EXTRACTED INFORMATION:

Lemma measurable_cexX_gt (x : R) : measurable [set w | x < cexX w].
Proof.
by rewrite -[X in measurable X]setTI -preimage_itvoy; exact: measurable_cexX.
Qed.

Lemma cexX_gt (x w : R) : ln 2 <= x ->
  (x < cexX w) = (0 < `|2 * w - 1| < expR (- x)).
Proof.
move=> x_ge; have e_le := expRN_le_half x_ge.
have x0 : 0 <= x by apply: le_trans x_ge; rewrite ln_ge0 // ler1n.
rewrite /cexX; case: (leP (3 / 4) w) => w34.
  have -> : (x < -1) = false by apply/negbTE; rewrite -leNgt; lra.
  by apply/esym/negbTE/negP => /andP[_]; rewrite ger0_norm; lra.
have [->|w_ne] := eqVneq (2 * w - 1) 0; first by rewrite normr0 ln0 // ltxx; lra.
have w_pos : 0 < `|2 * w - 1| by rewrite normr_gt0.
by rewrite w_pos ltrNr -ltr_expR lnK.
Qed.

Lemma cexX_gt_left (x : R) : ln 2 <= x ->
  [set w | x < cexX w] `&` `]-oo, 2^-1[%classic =
  `]2^-1 - expR (- x) / 2, 2^-1[%classic.
Proof.
move=> x_ge; have e_le := expRN_le_half x_ge.
apply/seteqP; split => w /=; rewrite !in_itv /= cexX_gt //.
  move=> [/andP[_ e_gt] w_lt]; rewrite ltr0_norm in e_gt; last lra.
  by apply/andP; split; lra.
move=> /andP[? ?]; rewrite ltr0_norm; last lra.
by split=> //; apply/andP; split; lra.
Qed.

Lemma cexX_gt_right (x : R) : ln 2 <= x ->
  [set w | x < cexX w] `&` `[2^-1, +oo[%classic =
  `]2^-1, 2^-1 + expR (- x) / 2[%classic.
Proof.
move=> x_ge; have e_le := expRN_le_half x_ge.
apply/seteqP; split => w /=; rewrite !in_itv /= cexX_gt // andbT.
  move=> [/andP[w_pos e_gt] w_ge].
  have w_gt : 2^-1 < w.
    rewrite lt_neqAle w_ge andbT; apply: contraTneq w_pos => <-.
    by rewrite mulfV // subrr normr0 ltxx.
  by rewrite gtr0_norm in e_gt; [apply/andP; split|]; lra.
move=> /andP[? ?]; rewrite gtr0_norm; last lra.
by split; [apply/andP; split|]; lra.
Qed.

Lemma prob_cexX_gt_left (x : R) : ln 2 <= x ->
  prob uniform01 ([set w | x < cexX w] `&` `]-oo, 2^-1[%classic) = expR (- x) / 2.
Proof.
move=> x_ge; have e_le := expRN_le_half x_ge; have e_pos := expR_gt0 (- x).
by rewrite cexX_gt_left // /prob uniform01_itv_oo /=; lra.
Qed.

Lemma prob_cexX_gt_right (x : R) : ln 2 <= x ->
  prob uniform01 ([set w | x < cexX w] `&` `[2^-1, +oo[%classic) = expR (- x) / 2.
Proof.
move=> x_ge; have e_le := expRN_le_half x_ge; have e_pos := expR_gt0 (- x).
by rewrite cexX_gt_right // /prob uniform01_itv_oo /=; lra.
Qed.

Lemma tailF_cexX (x : R) : ln 2 <= x -> tailF uniform01 cexX x = expR (- x).
Proof.
move=> x_ge; have mXgt := measurable_cexX_gt x; rewrite /tailF /prob.
rewrite (measureDI uniform01 mXgt (measurable_itv `[2^-1, +oo[)).
rewrite setDE setCitvr fineD ?fin_num_measure //; try exact: measurableI.
by rewrite -!/(prob _ _) prob_cexX_gt_left // prob_cexX_gt_right //; lra.
Qed.

Lemma tailF_cexX_gt0 (x : R) : 0 < tailF uniform01 cexX x.
Proof.
have x'_ge : ln 2 <= Num.max x (ln 2) by rewrite le_max lexx orbT.
have x_le : x <= Num.max x (ln 2) by rewrite le_max lexx.
apply: lt_le_trans (tailF_le uniform01 measurable_cexX x_le).
by rewrite tailF_cexX // expR_gt0.
Qed.

Lemma cexY_level1 : \forall t \near 0^'+,
  [set w | 1 <= cexY w < 1 + t] = `]-oo, 2^-1[%classic.
Proof.
near=> t.
have t0 : 0 < t by near: t; exact: nbhs_right_gt.
have t1 : t < 1 by near: t; exact: nbhs_right_lt.
by apply/seteqP; split => w /=; rewrite in_itv /= /cexY; case: ltP => //= _; lra.
Unshelve. all: by end_near.
Qed.

Lemma cexY_level2 : \forall t \near 0^'+,
  [set w | 2 <= cexY w < 2 + t] = `[2^-1, +oo[%classic.
Proof.
near=> t.
have t0 : 0 < t by near: t; exact: nbhs_right_gt.
by apply/seteqP; split => w /=; rewrite in_itv /= /cexY; case: ltP => //= _; lra.
Unshelve. all: by end_near.
Qed.

Lemma DY_cexY y : DY uniform01 cexY y -> y = 1 \/ y = 2.
Proof.
move=> Dy; have [->|y1] := eqVneq y 1; first by left.
have [->|y2] := eqVneq y 2; first by right.
pose e := Num.min `|y - 1| `|y - 2|.
have e0 : 0 < e by rewrite lt_min !normr_gt0 !subr_eq0 y1 y2.
have [w] := DY_near_range Dy e0.
by rewrite /cexY distrC; case: ifP => _; rewrite lt_min ltxx // andbF.
Qed.

Lemma cexY_level_sets y : DY uniform01 cexY y -> exists B : set R,
  [/\ \forall t \near 0^'+, [set w | y <= cexY w < y + t] = B,
      prob uniform01 B = 2^-1 &
      forall x, ln 2 <= x -> prob uniform01 ([set w | x < cexX w] `&` B) = expR (- x) / 2].
Proof.
case/DY_cexY => ->.
- exists `]-oo, 2^-1[%classic; split; first exact: cexY_level1.
    by rewrite /prob uniform01_lt_half.
  exact: prob_cexX_gt_left.
- exists `[2^-1, +oo[%classic; split; first exact: cexY_level2.
    by rewrite /prob uniform01_ge_half.
  exact: prob_cexX_gt_right.
Qed.

Lemma CD_cex : CD uniform01 cexX cexY (fun=> 1).
Proof.
have PB0 (B : set R) : prob uniform01 B = 2^-1 -> 0 < prob uniform01 B by move=> ->.
split; first exact: measurable_cst.
split; first by [].
split=> [x y /cexY_level_sets[B [levelB /PB0 PB _]]|e e0].
  exact: (cond_tail_level_near_cst (P := uniform01) cexX x levelB PB).1.
exists (ln 2) => x /ltW x_ge y /cexY_level_sets[B [levelB PB PXB]].
rewrite (cond_tail_level_near_cst (P := uniform01) cexX x levelB (PB0 _ PB)).2.
rewrite PXB // PB tailF_cexX // mulr1 (_ : _ - 1 = 0) ?normr0 ?ltW //.
by field; rewrite gt_eqF ?expR_gt0.
Qed.

Lemma standing_cex : standing uniform01 cexX cexY.
Proof.
split; first exact: measurable_cexX.
split; first exact: measurable_cexY.
split; first exact: tailF_cexX_gt0.
by move=> w; rewrite /cexY; case: ifP.
Qed.

Lemma cexX_ge0 (w : R) : 0 <= w -> w < 3 / 4 -> 0 <= cexX w.
Proof.
move=> w0 w34; rewrite /cexX ifF ?oppr_ge0; last by rewrite leNgt w34.
apply: ln_le0.
by rewrite ler_norml; apply/andP; split; lra.
Qed.

Lemma not_indep_cex : ~ indep uniform01 cexX cexY.
Proof.
move=> XY.
have mXneg : measurable (cexX @^-1` `]-oo, 0[%classic).
  by rewrite -[X in measurable X]setTI; exact: measurable_cexX.
have Ylt : cexY @^-1` `]-oo, 3 / 2[%classic = `]-oo, 2^-1[%classic.
  by apply/seteqP; split => w /=; rewrite !in_itv /= /cexY; case: (ltP w 2^-1); lra.
have joint0 : uniform01 (cexX @^-1` `]-oo, 0[%classic `&` `]-oo, 2^-1[%classic) = 0%E.
  rewrite uniform01E; last exact: measurableI.
  rewrite -[X in lebesgue_measure X](_ : set0 = _) ?measure0 //.
  apply/seteqP; split => // w /=; rewrite !in_itv /= => -[[X_neg w_lt] /andP[w0 _]].
  by have := cexX_ge0 w0 (lt_trans w_lt _); lra.
have Xneg : uniform01 (cexX @^-1` `]-oo, 0[%classic) = (1 - 3 / 4)%:E.
  apply: (uniform01_itv (b1:=true) (b2:=false)) => //; last by lra.
  apply/seteqP; split => w /=; rewrite !in_itv /=.
    move=> [X_neg /andP[w0 ->]]; rewrite andbT leNgt; apply/negP => w34.
    by have := cexX_ge0 w0 w34; lra.
  move=> /andP[w34 w1]; split; last by apply/andP; split; lra.
  by rewrite /cexX w34; lra.
have := XY _ _ (measurable_itv `]-oo, 0[) (measurable_itv `]-oo, 3 / 2[).
by rewrite Ylt joint0 Xneg uniform01_lt_half -EFinM => -[]; lra.
Qed.

End counterexample.

Theorem proposition2p6 (R : realType) :
  (forall (d : measure_display) (T : measurableType d)
          (P : probability T R) (X Y : T -> R) (s : R -> R),
      standing P X Y -> CD P X Y s -> indep P X Y ->
      forall y, DY P Y y -> s y = 1) /\
  (exists (d : measure_display) (T : measurableType d)
          (P : probability T R) (X Y : T -> R) (s : R -> R),
      standing P X Y /\ CD P X Y s /\
      (forall y, DY P Y y -> s y = 1) /\ ~ indep P X Y).
Proof.
split; first by move=> d T P X Y s; exact: indep_CD_eq1.
exists _, _, (@uniform01 R), cexX, cexY, (fun=> 1).
split; first exact: standing_cex.
split; first exact: CD_cex.
by split; last exact: not_indep_cex.
Qed.
Theorem proposition3p3 (R : realFieldType) :
  (forall k : nat, odd k ->
     (exists (C : R) (N : nat), forall n : nat, (N <= n)%N -> ~~ odd n ->
        `|E_o R n k - (1 + (k.+1)%:R / (2 * n%:R))| <= C / (n%:R ^+ 2))
  /\ (exists (C : R) (N : nat), forall n : nat, (N <= n)%N -> odd n ->
        `|E_o R n k - (1 + (k.-1)%:R / (2 * n%:R))| <= C / (n%:R ^+ 2)))
  /\
  (forall k : nat, (0 < k)%N -> ~~ odd k ->
     exists (C : R) (N : nat), forall n : nat, (N <= n)%N -> ~~ odd n ->
        `|E_e R n k - (1 + k%:R / (2 * n%:R))| <= C / (n%:R ^+ 2)).
Proof.
split=> [k k_odd|k k_gt0 k_even]; pose q := k./2.
  have hk : k = q.*2.+1 by rewrite /q; lia.
  split.
    have [C HC] := even_odd_prod_ratio_expansion R q.+1.
    exists C, k.*2.+2 => n le_n n_even; pose j := (n./2 - q.+1)%N.
    have hn : n = (j + q).*2.+2 by rewrite /j; lia.
    rewrite [in E_o _ n]hn hk E_o_even -doubleS natr_double_div.
    by apply: HC; lia.
  have [C HC] := even_odd_prod_ratio_expansion R q.
  exists C, k.*2.+2 => n le_n n_odd; pose j := (n./2 - q)%N.
  have hn : n = (j + q).*2.+1 by rewrite /j; lia.
  rewrite [in E_o _ n]hn hk E_o_odd /= natr_double_div.
  by apply: HC; lia.
have hk : k = q.*2 by rewrite /q; lia.
have [C HC] := even_odd_prod_ratio_expansion R q.
exists C, k.*2.+2 => n le_n n_even; pose j := (n./2 - q)%N.
have hn : n = (j + q).*2 by rewrite /j; lia.
rewrite [in E_e _ n]hn hk E_e_even ?natr_double_div; last by lia.
by apply: HC; lia.
Qed.
Theorem lemma4 (alpha : R) (Halpha : 2 < alpha) :
  (alpha <= 4 -> forall L : R, 0 < L -> ~ solves alpha L) /\
  (4 < alpha -> exists! L : R, 0 < L /\ solves alpha L).
Proof.
  assert (Hb_alpha : 2 / alpha * alpha = 2) by (field; lra).
  assert (Hb : 0 < 2 / alpha < 1).
  { split; [apply Rdiv_lt_0_compat | apply Rmult_lt_reg_r with alpha; [| rewrite Hb_alpha]]; lra. }
  split.
  - intros H4 L HL Hs. apply (solves_iff_G alpha L Hb HL) in Hs.
    assert (Hb2 : 1 / 2 <= 2 / alpha)
      by (apply Rmult_le_reg_r with alpha; [| rewrite Hb_alpha]; lra).
    pose proof (G_pos (2 / alpha) Hb L Hb2 HL). lra.
  - intros H4. assert (Hb2 : 2 / alpha < 1 / 2)
      by (apply Rmult_lt_reg_r with alpha; [| rewrite Hb_alpha]; lra).
    destruct (G_has_zero (2 / alpha) Hb Hb2) as [L [HL HG]].
    exists L. split; [split; [auto | apply solves_iff_G; auto] |].
    intros L' [HL' Hs']. apply (G_zero_unique (2 / alpha) Hb Hb2); auto. apply solves_iff_G; auto.
Qed.
Definition p_vw (R : realType) (k n m : nat)
    (rV : 'M[R[i]]_k -> 'M[R[i]]_n) (rW : 'M[R[i]]_k -> 'M[R[i]]_m)
    (HV : 'M[R[i]]_n) (HW : 'M[R[i]]_m)
    (v : 'cV[R[i]]_n) (w : 'cV[R[i]]_m) (sigma : 'M[R[i]]_k) : R :=
  ln (hnorm2 HW (rW sigma *m w)) - ln (hnorm2 HV (rV sigma *m v)).

Definition proper_along (R : realType) (k : nat) (f : 'M[R[i]]_k -> R)
    (lam : R[i] -> 'M[R[i]]_k) : Prop :=
  forall M : R, exists2 delta : R, 0 < delta &
    forall t : R[i], t != 0 -> cabs t < delta -> M < f (lam t).

Definition bounded_below_along (R : realType) (k : nat) (f : 'M[R[i]]_k -> R)
    (lam : R[i] -> 'M[R[i]]_k) : Prop :=
  exists M : R, exists2 delta : R, 0 < delta &
    forall t : R[i], t != 0 -> cabs t < delta -> M <= f (lam t).

From HB Require Import structures.
From mathcomp Require Import all_boot all_order all_algebra.
From mathcomp Require Import complex.
From mathcomp Require Import boolp classical_sets reals exp.
From mathcomp Require Import ring lra.
Set Implicit Arguments.
Unset Strict Implicit.
Unset Printing Implicit Defensive.
Import Order.TTheory GRing.Theory Num.Theory.
Local Open Scope ring_scope.

(* Along a one-parameter subgroup [lam] the coordinates of [rho (lam t) *m x]
   are Laurent polynomials in [t]: the regular functions [P / det ^+ e] become
   Laurent polynomials because [det (lam t)] is a Laurent polynomial without
   zeros on [C^*], hence a monomial.  So [x] has a weight [w], i.e.
   [t ^ (- w) *: rho (lam t) *m x] tends to a non-zero limit, and then
   [||rho (lam t) x||^2] is within a factor [2] of [c |t|^(2w)] for small [t].
   Consequently [p_vw (lam t) = 2 (b - a) ln |t| + O(1)] as [t -> 0], where
   [a], [b] are the weights of [v], [w]; properness (resp. boundedness below)
   along [lam] is therefore decided by the sign of [b - a]. *)

Section ComplexModulus.
Variable R : realType.
Local Notation C := (R[i]).

Lemma cabsE (z : C) : `|z| = ((cabs z)%:C)%C.
Proof. by rewrite normc_def. Qed.

Lemma cabs_ge0 (z : C) : 0 <= cabs z.
Proof. by rewrite /cabs sqrtr_ge0. Qed.

Lemma cabsM (x y : C) : cabs (x * y) = cabs x * cabs y.
Proof. by apply: (@complexI R); rewrite rmorphM /= -!cabsE normrM. Qed.

Lemma cabsD (x y : C) : cabs (x + y) <= cabs x + cabs y.
Proof. by rewrite -lecR rmorphD /= -!cabsE ler_normD. Qed.

Lemma cabs0 : cabs (0 : C) = 0.
Proof. by rewrite /cabs /= expr0n /= addr0 sqrtr0. Qed.

Lemma cabs_eq0 (x : C) : (cabs x == 0) = (x == 0).
Proof. by rewrite -[x == 0]normr_eq0 cabsE eq_complex /= eqxx andbT. Qed.

Lemma cabs_gt0 (x : C) : x != 0 -> 0 < cabs x.
Proof. by move=> hx; rewrite lt_neqAle cabs_ge0 andbT eq_sym cabs_eq0. Qed.

Lemma cabsC (k : R) : 0 <= k -> cabs (k%:C)%C = k.
Proof. by move=> hk; apply: (@complexI R); rewrite -cabsE ger0_norm // ler0c. Qed.

Lemma cabsJ (x : C) : cabs (conjc x) = cabs x.
Proof. by apply: (@complexI R); rewrite -!cabsE normcJ. Qed.

Lemma cabs_Re (x : C) : `|complex.Re x| <= cabs x.
Proof. by rewrite -lecR -cabsE normc_ge_Re. Qed.
(* Consider the setting described in the context. Suppose that: (i) $\frac{1}{n} \sum_{i=1}^{n} \lVert Q^*(x^i)\rVert^4 \xrightarrow{p} \mathbb{E}[\lVert Q^*(X)\rVert^4]$ and $\frac{1}{n} \sum_{i=1}^{n} \lVert [Q^*(x^i)]^{-1}\rVert^2 \xrightarrow{p} \mathbb{E}[\lVert [Q^*(X)]^{-1}\rVert^2]$, where these expectations are finite; (ii) $\frac{1}{n} \sum_{i=1}^{n} \lVert\varepsilon^i\rVert^4 \xrightarrow{p} \mathbb{E}[\lVert\varepsilon\rVert^4] < +\infty$; (iii) $\hat{f}_n(x) \xrightarrow{p} f^*(x)$ and $\hat{Q}_n(x) \xrightarrow{p} Q^*(x)$ for $P_X$-a.e. $x \in \mathcal{X}$, and $\frac{1}{n} \sum_{i=1}^{n} \lVert \hat{f}_n(x^i) - f^*(x^i)\rVert^2 \xrightarrow{p} 0$ and $\frac{1}{n} \sum_{i=1}^{n} \lVert [\hat{Q}_n(x^i)]^{-1} - [Q^*(x^i)]^{-1}\rVert^2 \xrightarrow{p} 0$. Then $\frac{1}{n} \sum_{i=1}^{n} \lVert \tilde{\varepsilon}^i_n(x)\rVert \xrightarrow{p} 0$ for $P_X$-a.e. $x \in \mathcal{X}$.
   Context: Random vectors $Y \in \mathbb{R}^{d_y}$ and covariates $X \in \mathbb{R}^{d_x}$ satisfy $Y = f^*(X) + Q^*(X)\varepsilon$, where $f^*:\mathbb{R}^{d_x}\to\mathbb{R}^{d_y}$, $Q^*:\mathbb{R}^{d_x}\to\mathbb{R}^{d_y\times d_y}$, the zero-mean random error $\varepsilon \in \mathbb{R}^{d_y}$ is independent of $X$, and $Q^*(x) \succ 0$ (positive definite) for $P_X$-a.e. $x$ in the support $\mathcal{X}$ of $X$ ($P_X$ is the distribution of $X$). Data $\mathcal{D}_n = \{(y^i,x^i)\}_{i=1}^n$ are joint observations of $(Y,X)$, with corresponding error realizations $\varepsilon^i = [Q^*(x^i)]^{-1}(y^i - f^*(x^i))$. Regression estimates $\hat{f}_n$ of $f^*$ and $\hat{Q}_n$ of $Q^*$ are computed from $\mathcal{D}_n$, with $\hat{Q}_n(x) \succ 0$ almost surely for $P_X$-a.e. $x \in \mathcal{X}$. Define empirical residuals $\hat{\varepsilon}^i_n := [\hat{Q}_n(x^i)]^{-1}(y^i - \hat{f}_n(x^i))$ and, for $x \in \mathcal{X}$, the deviation terms $\tilde{\varepsilon}^i_n(x) := (\hat{f}_n(x) + \hat{Q}_n(x)\hat{\varepsilon}^i_n) - (f^*(x) + Q^*(x)\varepsilon^i)$, $i=1,\dots,n$. $\lVert\cdot\rVert$ is the Euclidean norm on vectors and the induced operator norm on matrices. $\xrightarrow{p}$ denotes convergence in probability as $n\to\infty$ with respect to the probability measure generating the data. *)

From HB Require Import structures.
From mathcomp Require Import all_boot all_order all_algebra.
From mathcomp Require Import all_classical all_reals all_analysis.
Set Implicit Arguments. Unset Strict Implicit. Unset Printing Implicit Defensive.
Import Order.TTheory GRing.Theory Num.Theory.
Local Open Scope classical_set_scope.
Local Open Scope ring_scope.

WHAT NEEDS TO BE DONE: Reproduce every line of the entries above, unchanged, from the very first one down to and including the line containing "by apply/esym/negbTE/negP =>".

EXERCISE SOLUTION:
Lemma measurable_cexX_gt (x : R) : measurable [set w | x < cexX w].
Proof.
by rewrite -[X in measurable X]setTI -preimage_itvoy; exact: measurable_cexX.
Qed.

Lemma cexX_gt (x w : R) : ln 2 <= x ->
  (x < cexX w) = (0 < `|2 * w - 1| < expR (- x)).
Proof.
move=> x_ge; have e_le := expRN_le_half x_ge.
have x0 : 0 <= x by apply: le_trans x_ge; rewrite ln_ge0 // ler1n.
rewrite /cexX; case: (leP (3 / 4) w) => w34.
  have -> : (x < -1) = false by apply/negbTE; rewrite -leNgt; lra.
  by apply/esym/negbTE/negP => /andP[_]; rewrite ger0_norm; lra.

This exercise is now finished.